A systematic review of case series of paediatric cardiac surgery

Article type
Authors
Reeves B, Vardulaki K, Tsang V, Bennett-Lloyd B, O'Riordan P
Abstract
Background: There is often little or no evidence from randomised controlled trials (RCTs) on the effectiveness of health care interventions. When no RCTs exist, there is currently a debate whether non-randomised but comparative studies are better or worse than no evidence. For some surgical procedures, there may not even be any comparative studies, the best evidence available being case series; such studies are generally regarded as contributing less strong evidence than RCTs and other analytic designs, and reviewers have traditionally cautioned against any attempt to pool such evidence quantitatively. The objective of this paper is to report an example of pooling of outcome data from many case series, with a view to initiating a debate about the nature and value of evidence from systematic reviews of case series.

Methods: This review of the effectiveness of paediatric cardiac surgery was commissioned by a public inquiry to inform specific objectives.

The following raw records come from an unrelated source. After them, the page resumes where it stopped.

Lemma trace_oracle_uses_le eps k js : @valid_trace R T eps k js ->
  (@trace_oracle_uses R T k js)%:R <=
    5 * (t0 eps)%:R + pi * rootN * Num.sqrt (t0 eps)%:R.
Proof.
move=> [k_le _ size_le all_le].
rewrite /trace_oracle_uses natrD natr_sum.
have step1 := sum_exact_queries_le k.
have step2 := sum_run_queries_t0_le size_le all_le.
have k_le' : k%:R <= (t0 eps)%:R :> R by rewrite ler_nat.
have : pi / 2 * rootN * Num.sqrt k%:R <= pi / 2 * rootN * Num.sqrt (t0 eps)%:R.
  by rewrite ler_wpM2l ?mulr_ge0 ?sqrtr_ge0 ?divr_ge0 ?pi_ge0 // ler_sqrt ?ler_nat.
lra.
Qed.

Lemma prod_one_minus_eq0 (p : nat -> R) s k : (0 < s <= k)%N -> p s = 1 ->
  \prod_(1 <= t < k.+1) (1 - p t) = 0.
Proof.
move=> s_itv ps1; rewrite (bigD1_seq s) ?iota_uniq //=; last by rewrite mem_index_iota ltnS.
by rewrite ps1 subrr mul0r.
Qed.

Definition step2_success g eps : R :=
  (\sum_(j < (Jmax T eps).+1) run_success R g j) / (Jmax T eps).+1%:R.

Lemma step2_success_le1 g eps : (0 < #|[pred x | g x]|)%N -> step2_success g eps <= 1.
Proof.
move=> m_gt0; rewrite /step2_success ler_pdivrMr ?ltr0n // mul1r.
apply: le_trans (_ : _ <= \sum_(j < (Jmax T eps).+1) 1) _.
  by apply: ler_sum => j _; rewrite run_success_eq // sin2cos2 gerBl sqr_ge0.
by rewrite sumr_const card_ord.
Qed.

Lemma step2_success_ge g eps : (0 < t0 eps < #|[pred x | g x]|)%N ->
  1 / 4 <= step2_success g eps.
Proof.
move=> /andP[t0_gt0 t0_lt].
have m_gt0 : (0 < #|[pred x | g x]|)%N by apply: leq_ltn_trans t0_lt.
have /andP[J_ge _] := Jmax_itv eps.
rewrite /step2_success ler_pdivlMr ?ltr0n // mul1r mulrC.
apply: (sum_run_success_ge m_gt0); last exact: J_ge.
by rewrite t0_gt0 ltnW.
Qed.

Lemma step2_fail_le g eps : 0 < eps -> eps <= 1 -> (t0 eps < #|[pred x | g x]|)%N ->
  (1 - step2_success g eps) ^+ (2 * t0 eps) <= eps.
Proof.
move=> eps_gt0 eps_le1 t0_lt.
apply: le_trans (expr_t0_le eps_gt0 eps_le1).
have [->|t0_gt0] := posnP (t0 eps); first by rewrite muln0 !expr0.
have A_ge : 1 / 4 <= step2_success g eps by apply: step2_success_ge; rewrite t0_gt0.
have A_le1 : step2_success g eps <= 1.
  by apply: step2_success_le1; apply: leq_ltn_trans t0_lt.
by apply: lerXn2r; rewrite ?nnegrE; lra.
Qed.

Lemma fail_prob_le g (p : nat -> R) eps : 0 < eps -> eps <= 1 ->
  (forall t, 0 <= p t <= 1) ->
  (forall t, (0 < t)%N -> #|[pred x | g x]| = t -> p t = 1) ->
  (exists x, g x) -> fail_prob g p eps <= eps.
Proof.
move=> eps_gt0 eps_le1 p_itv p_exact [x gx].
have m_gt0 : (0 < #|[pred x | g x]|)%N by apply/card_gt0P; exists x.
rewrite /fail_prob -/(step2_success g eps).
have [m_le|t0_lt] := leqP #|[pred x | g x]| (t0 eps).
  by rewrite (prod_one_minus_eq0 _ (p_exact _ m_gt0 erefl)) ?m_gt0 // mul0r ltW.
apply: le_trans (step2_fail_le eps_gt0 eps_le1 t0_lt).
apply: ler_piMl; first by apply/exprn_ge0; rewrite subr_ge0; exact: step2_success_le1.
apply: prodr_ile1 => t _; have /andP[p_ge0 p_le1] := p_itv t.
by rewrite subr_ge0 gerBl p_ge0 p_le1.
Qed.

End QSearchZalka.

Theorem lemma5 (R : realType) (T : finType) (g : T -> bool) (eps : R)
    (cq : nat) (p : nat -> R) :
  0 < eps -> eps <= 1 ->
  (forall t, 0 <= p t <= 1) ->
  (forall t, (0 < t)%N -> #|[pred x | g x]| = t -> p t = 1) ->
  (forall (k : nat) (js : seq nat), @valid_trace R T eps k js ->
     (cq * @trace_oracle_uses R T k js)%:R <= @W_Zalka R T cq eps) /\
  ((exists x, g x) -> fail_prob g p eps <= eps).
Proof.
move=> eps_gt0 eps_le1 p_itv p_exact; split; last exact: fail_prob_le.
move=> k js trace; rewrite natrM W_ZalkaE //.
by rewrite ler_wpM2l ?ler0n // trace_oracle_uses_le.
Qed.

Evidence was reviewed for 5 paediatric open-heart operations for congenital cardiac anomalies: transposition of the great arteries; complete atrio-ventricular septal defect; total anomalous pulmonary venous drainage; truncus arteriosus; Fontan procedure. All studies reporting 30-day mortality were eligible, the primary objective being to synthesise estimates of 30-day mortality for each operation type. Relevant papers were identified by systematic literature searches of Medline (1966-1995). Key data were extracted from each paper according to a protocol. Pooled estimates of 30-day mortality were derived by logistic regression modelling, with 'robust' confidence intervals to take account of clustering of patients within case series. Additional analyses sought to explain variation in 30-day mortality estimates by investigating the effect of the date of data collection and relevant clinical sub-groups within operation types, i.e. case-mix, on 30-day mortality. We also sought evidence on the prognosis for children with each congenital anomaly without surgery.

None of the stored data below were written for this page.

Lemma continuity_pt_eps (h : R -> R) x : continuity_pt h x -> forall eps, 0 < eps ->
  exists d, 0 < d /\ forall y, Rabs (y - x) < d -> Rabs (h y - h x) < eps.
Proof.
  intros Hc eps He. destruct (Hc eps He) as [d [Hd H]].
  exists d. split; [lra|]. intros y Hy.
  destruct (Req_dec y x) as [->|Hne].
  - rewrite Rminus_eq_0, Rabs_R0. lra.
  - apply (H y). repeat split; auto.
Qed.

Lemma first_zero (h : R -> R) x0 x2 : (forall x, continuity_pt h x) ->
  x0 < x2 -> 0 < h x0 -> h x2 <= 0 ->
  exists s, x0 < s <= x2 /\ h s = 0 /\ forall x, x0 <= x < s -> 0 < h x.
Proof.
  intros Hc Hlt H0 H2.
  set (E := fun x => x0 <= x <= x2 /\ forall y, x0 <= y <= x -> 0 < h y).
  assert (E0 : E x0) by (split; [lra | intros y Hy; replace y with x0 by lra; exact H0]).
  destruct (completeness E) as [s [Hub Hlub]].
  { exists x2. intros x [Hx _]. lra. }
  { now exists x0. }
  assert (Hs0 : x0 <= s) by now apply Hub.
  assert (Hs2 : s <= x2) by (apply Hlub; intros x [Hx _]; lra).
  assert (Hbelow : forall x, x0 <= x < s -> 0 < h x).
  { intros x Hx. apply NNPP. intro Hnx.
    enough (s <= x) by lra.
    apply Hlub. intros z [Hz Hzy]. apply Rnot_lt_le. intro Hxz. apply Hnx, Hzy. lra. }
  assert (Hhs : h s = 0).
  { destruct (Rtotal_order (h s) 0) as [Hneg|[Hz|Hpos]]; [exfalso | exact Hz | exfalso].
    - destruct (continuity_pt_eps h s (Hc s) (- h s)) as [d [Hd Hnear]]; [lra|].
      assert (x0 < s) by (destruct Hs0 as [| <-]; lra).
      set (x := Rmax x0 (s - d / 2)).
      assert (x0 <= x /\ s - d / 2 <= x) as [Hx1 Hx2] by (split; [apply Rmax_l | apply Rmax_r]).
      assert (x < s) by (apply Rmax_lub_lt; lra).
      specialize (Hnear x). apply Rabs_def2 in Hnear; [|apply Rabs_def1; lra].
      specialize (Hbelow x). lra.
    - destruct (continuity_pt_eps h s (Hc s) (h s)) as [d [Hd Hnear]]; [lra|].
      assert (s < x2) by (destruct Hs2 as [| ->]; lra).
      set (x := Rmin x2 (s + d / 2)).
      assert (x <= x2 /\ x <= s + d / 2) as [Hx1 Hx2] by (split; [apply Rmin_l | apply Rmin_r]).
      assert (s < x) by (apply Rmin_glb_lt; lra).
      enough (E x) by (specialize (Hub x H3); lra).
      split; [lra|]. intros y Hy.
      destruct (Rlt_le_dec y s); [apply Hbelow; lra|].
      specialize (Hnear y). apply Rabs_def2 in Hnear; [lra | apply Rabs_def1; lra]. }
  exists s. repeat split; auto.
  destruct Hs0 as [| <-]; lra.
Qed.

Results: Literature searches yielded only case-series data, which were successfully pooled for each operation. Within each operation type, 30-day mortality varied significantly for different clinical sub-groups, sometimes by a factor of two or more. 30-day mortality also reduced significantly over the time period studied for all operation types. Indices of reporting quality, such as reporting a clear case definition and an explicit statement that eligible patients were recruited consecutively, were not consistently associated with 30-day mortality. For the congenital anomalies reviewed, the prognosis for children who do not undergo surgery is poor, with the majority dying before their first birthday.

Conclusions: Pooled 30-day mortality estimates are likely to reflect the best that can be achieved rather than a level of performance to be expected in everyday practice. The evidence of differences in mortality between clinical sub-groups were consistent with clinical expectation at the outset. Several methodological questions about the nature and status of such evidence will be discussed, e.g should such a review be eligible for inclusion in the Cochrane Library as evidence of effectiveness, how should concepts of systematicity and publication bias be applied to case series?